--- Record set Enclosed Below ---

Lemma connect_setD1_leaf (U : {set T}) l p x y :
  (forall z, z \in U -> z != p -> e l z = 0%N) ->
  x != l -> y != l -> connect (adj_in e U) x y -> connect (adj_in e (U :\ l)) x y.
Proof.
move=> l_leaf x_l y_l /connectP[q q_path y_last].
case/shortenP: q_path y_last => q' q'_path q'_uniq _ y_last.
apply/connectP; exists q' => //; apply: path_setD1 => //.
apply/negP => /splitPr q'_eq; move: q'_eq q'_path q'_uniq y_last => [q1 q2].
rewrite cat_path -cat_cons cat_uniq last_cat.
move=> /andP[_ /andP[adj_al]] + /and3P[_ /hasPn q2_new _].
case: q2 q2_new => [_ _ /eqP|b q2 q2_new /andP[adj_lb _] _].
  by rewrite /= (negbTE y_l).
have only_p a : adj_in e U l a -> a = p.
  by case/and3P=> _ aU; apply: contraTeq => a_p; rewrite l_leaf.
have last_p : last x q1 = p by apply: only_p; rewrite adj_inC.
have b_in : b \in [:: l, b & q2] by rewrite !inE eqxx orbT.
by have := q2_new b b_in; rewrite (only_p _ adj_lb) -last_p mem_last.
Qed.

Lemma tree_setD1_leaf (U : {set T}) l p :
  tree_in e U -> l \in U -> (forall z, z \in U -> z != p -> e l z = 0%N) ->
  U :\ l != set0 -> tree_in e (U :\ l).
Proof.
case=> [[_ U_conn] U_simple U_acyclic] lU l_leaf Ul_ne.
have sub_adj : subrel (adj_in e (U :\ l)) (adj_in e U).
  by move=> a b /and3P[/setD1P[_ aU] /setD1P[_ bU] e_ab]; rewrite /adj_in aU bU.
split.
- split=> // x y /setD1P[x_l xU] /setD1P[y_l yU].
  exact: connect_setD1_leaf l_leaf x_l y_l (U_conn x y xU yU).
- by move=> x y /setD1P[_ xU] /setD1P[_ yU]; apply: U_simple.
- case=> c [c_size /andP[c_cycle c_uniq]]; apply: U_acyclic.
  by exists c; rewrite /ucycle c_uniq (sub_cycle sub_adj).
Qed.

Definition concentrates_at (W : {set T}) (v : T) :=
  forall g : T -> int, exists z : T -> int,
    (forall w, w \notin W :\ v -> z w = 0) /\
    forall u, u \in W :\ v -> g u + \sum_(w in W) z w * lap e W w u = 0.

Lemma concentrates_at_leaf (W : {set T}) v l p :
  l \in W :\ v -> p \in W -> e l p = 1%N ->
  (forall z, z \in W -> z != p -> e l z = 0%N) ->
  concentrates_at (W :\ l) v -> concentrates_at W v.
Proof.
move=> /setD1P[l_v lW] pW e_lp l_leaf Wl_conc g.
have p_l : p != l by apply: contra_eqN e_lp => /eqP ->; rewrite e_loopless.
have pWl : p \in W :\ l by apply/setD1P.
(* The chips of l are first moved onto p, and l then fires as often as p
   does, corrected by its own initial chips g l. *)
pose g' u := if u == p then g p + g l else g u.
have [z' [z'_out z'_eq]] := Wl_conc g'.
exists (fun w => if w == l then z' p - g l else z' w); split.
  move=> w; have [->|w_l] := eqVneq w l; first by rewrite in_setD1 l_v lW.
  move=> w_out; apply: z'_out; apply: contra w_out.
  by rewrite !in_setD1 => /and3P[-> _ ->].
move=> u /setD1P[u_v uW]; rewrite (sum_lap_setD1 e _ _ lW) eqxx.
under eq_bigr => w /setD1P[w_l _] do rewrite (negbTE w_l).
have z'_lap_l : \sum_(w in W :\ l) z' w * lap e (W :\ l) w l = - z' p.
  rewrite (big_setD1 p pWl) /= big1 ?addr0.
    by rewrite /lap (negbTE p_l) e_sym e_lp mulrN1.
  move=> w /setD1P[w_p /setD1P[w_l wW]].
  by rewrite /lap (negbTE w_l) e_sym l_leaf // oppr0 mulr0.
have [u_l|u_l] := eqVneq u l.
  have deg_l : lap e W l l = 1.
    rewrite /lap eqxx (big_setD1 p pW) /= e_lp big1 // => w /setD1P[w_p wW].
    exact: l_leaf.
  by rewrite u_l setD11 z'_lap_l deg_l; lia.
have := z'_eq u; rewrite !in_setD1 u_v u_l uW => /(_ isT).
rewrite /= /lap eq_sym (negbTE u_l) e_sym /g'.
have [->|u_p] := eqVneq u p; first by rewrite e_sym e_lp; lia.
by rewrite (e_sym u l) (l_leaf u uW u_p); lia.
Qed.

Lemma tree_concentrates_at (U : {set T}) v :
  tree_in e U -> v \in U -> concentrates_at U v.
Proof.
move: {2}#|U| (erefl #|U|) => n; elim: n U => [|n IHn] U U_card U_tree vU.
  by move/eqP: U_card; rewrite cards_eq0 => /eqP U0; rewrite U0 inE in vU.
have [Uv0 g|Uv_ne] := eqVneq (U :\ v) set0.
  by exists (fun=> 0); split=> // u; rewrite Uv0 inE.
have [l [p [lUv pU e_lp l_leaf]]] := tree_leaf U_tree vU Uv_ne.
have [l_v lU] := setD1P lUv.
apply: (concentrates_at_leaf lUv pU e_lp l_leaf); apply: IHn.
- by move: U_card; rewrite (cardsD1 l) lU => -[].
- apply: (tree_setD1_leaf U_tree lU l_leaf); apply/set0Pn; exists v.
  by rewrite in_setD1 eq_sym l_v.
- by rewrite in_setD1 eq_sym l_v.
Qed.

End Trees.

Section Decomposition.
Variables (T : finType) (e : T -> T -> nat).
Hypothesis e_loopless : forall x, e x x = 0%N.
Hypothesis e_sym : forall x y, e x y = e y x.
Variables (v : T) (V1 U : {set T}).
Hypothesis V1U_setT : V1 :|: U = setT.
Hypothesis V1IU : V1 :&: U = [set v].
Hypothesis no_cross_edge : forall x y, x \in V1 :\ v -> y \in U :\ v -> e x y = 0%N.

Lemma no_cross_edge_sym x y : x \in U :\ v -> y \in V1 :\ v -> e x y = 0%N.
Proof. by rewrite e_sym => *; apply: no_cross_edge. Qed.

Lemma in_V1_and_U u : (u \in V1) && (u \in U) = (u == v).
Proof. by rewrite -in_setI V1IU inE. Qed.

Lemma in_V1_or_U u : (u \in V1) || (u \in U).
Proof. by rewrite -in_setU V1U_setT inE. Qed.

Lemma v_in_V1 : v \in V1.
Proof. by have := in_V1_and_U v; rewrite eqxx => /andP[]. Qed.

Lemma v_in_U : v \in U.
Proof. by have := in_V1_and_U v; rewrite eqxx => /andP[]. Qed.

Lemma notin_V1 u : (u \notin V1) = (u \in U :\ v).
Proof.
have := in_V1_and_U u; have := in_V1_or_U u; rewrite in_setD1.
by case: (u \in V1); case: (u \in U); case: (u == v).
Qed.

Lemma notin_U u : (u \notin U) = (u \in V1 :\ v).
Proof.
have := in_V1_and_U u; have := in_V1_or_U u; rewrite in_setD1.
by case: (u \in V1); case: (u \in U); case: (u == v).
Qed.

Lemma big_setT_V1_U (R : Type) (idx : R) (op : Monoid.com_law idx) (F : T -> R) :
  \big[op/idx]_(z in setT) F z =
  op (\big[op/idx]_(z in V1) F z) (\big[op/idx]_(z in U :\ v) F z).
Proof.
rewrite (bigID (mem V1)) /=; apply: f_equal2; apply: eq_bigl => z.
  by rewrite inE.
by rewrite inE notin_V1.
Qed.

Lemma lap_setT_U u w : u \in U :\ v ->
  lap e setT w u = if w \in U then lap e U w u else 0.
Proof.
move=> uUv; have [->|w_u] := eqVneq w u.
  rewrite (setD1P uUv).2; apply: lap_setT_local => z.
  by rewrite notin_U; apply: no_cross_edge_sym.
rewrite /lap (negbTE w_u); case: ifP => // /negbT.
by rewrite notin_U => wV1v; rewrite no_cross_edge.
Qed.

Lemma contract_lap u w : u \in V1 ->
  contract U v (lap e setT w) u = if w \in V1 then lap e V1 w u else 0.
Proof.
rewrite /contract; have [->|u_v] := eqVneq u v => uV1; last first.
  have uV1v : u \in V1 :\ v by apply/setD1P.
  have [->|w_u] := eqVneq w u.
    rewrite uV1; apply: lap_setT_local => z.
    by rewrite notin_V1; apply: no_cross_edge.
  rewrite /lap (negbTE w_u); case: ifP => // /negbT.
  by rewrite notin_V1 e_sym => wUv; rewrite no_cross_edge.
have [wUv|wUv] := boolP (w \in U :\ v).
  have w_local z : z \notin U -> e w z = 0%N.
    by rewrite notin_U; apply: no_cross_edge_sym.
  have wV1 : w \notin V1 by rewrite notin_V1.
  rewrite (negbTE wV1); under eq_bigr => x _ do rewrite (lap_setT_local _ w_local).
  by apply: sum_lap_row => //; case/setD1P: wUv.
have wV1 : w \in V1 by rewrite -[_ \in _]negbK notin_V1.
rewrite wV1 (big_setD1 v v_in_U) /=.
have [->|w_v] := eqVneq w v.
  under eq_bigr => x /setD1P[x_v _] do rewrite /lap eq_sym (negbTE x_v).
  rewrite sumrN /lap eqxx -!raddf_sum big_setT_V1_U /=.
  by rewrite PoszD addrK.
have wV1v : w \in V1 :\ v by rewrite in_setD1 w_v.
rewrite big1 ?addr0; first by rewrite /lap (negbTE w_v).
move=> x /setD1P[x_v xU].
have x_w : w != x by apply: contraNneq w_v => w_x; rewrite -in_V1_and_U wV1 w_x.
by rewrite /lap (negbTE x_w) no_cross_edge //; apply/setD1P.
Qed.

--- End of Enclosed Record set ---

Assignment: After reading through the material, report every line that holds "then".

Exercise result:
(* The chips of l are first moved onto p, and l then fires as often as p
pose g' u := if u == p then g p + g l else g u.
exists (fun w => if w == l then z' p - g l else z' w); split.
  lap e setT w u = if w \in U then lap e U w u else 0.
  contract U v (lap e setT w) u = if w \in V1 then lap e V1 w u else 0.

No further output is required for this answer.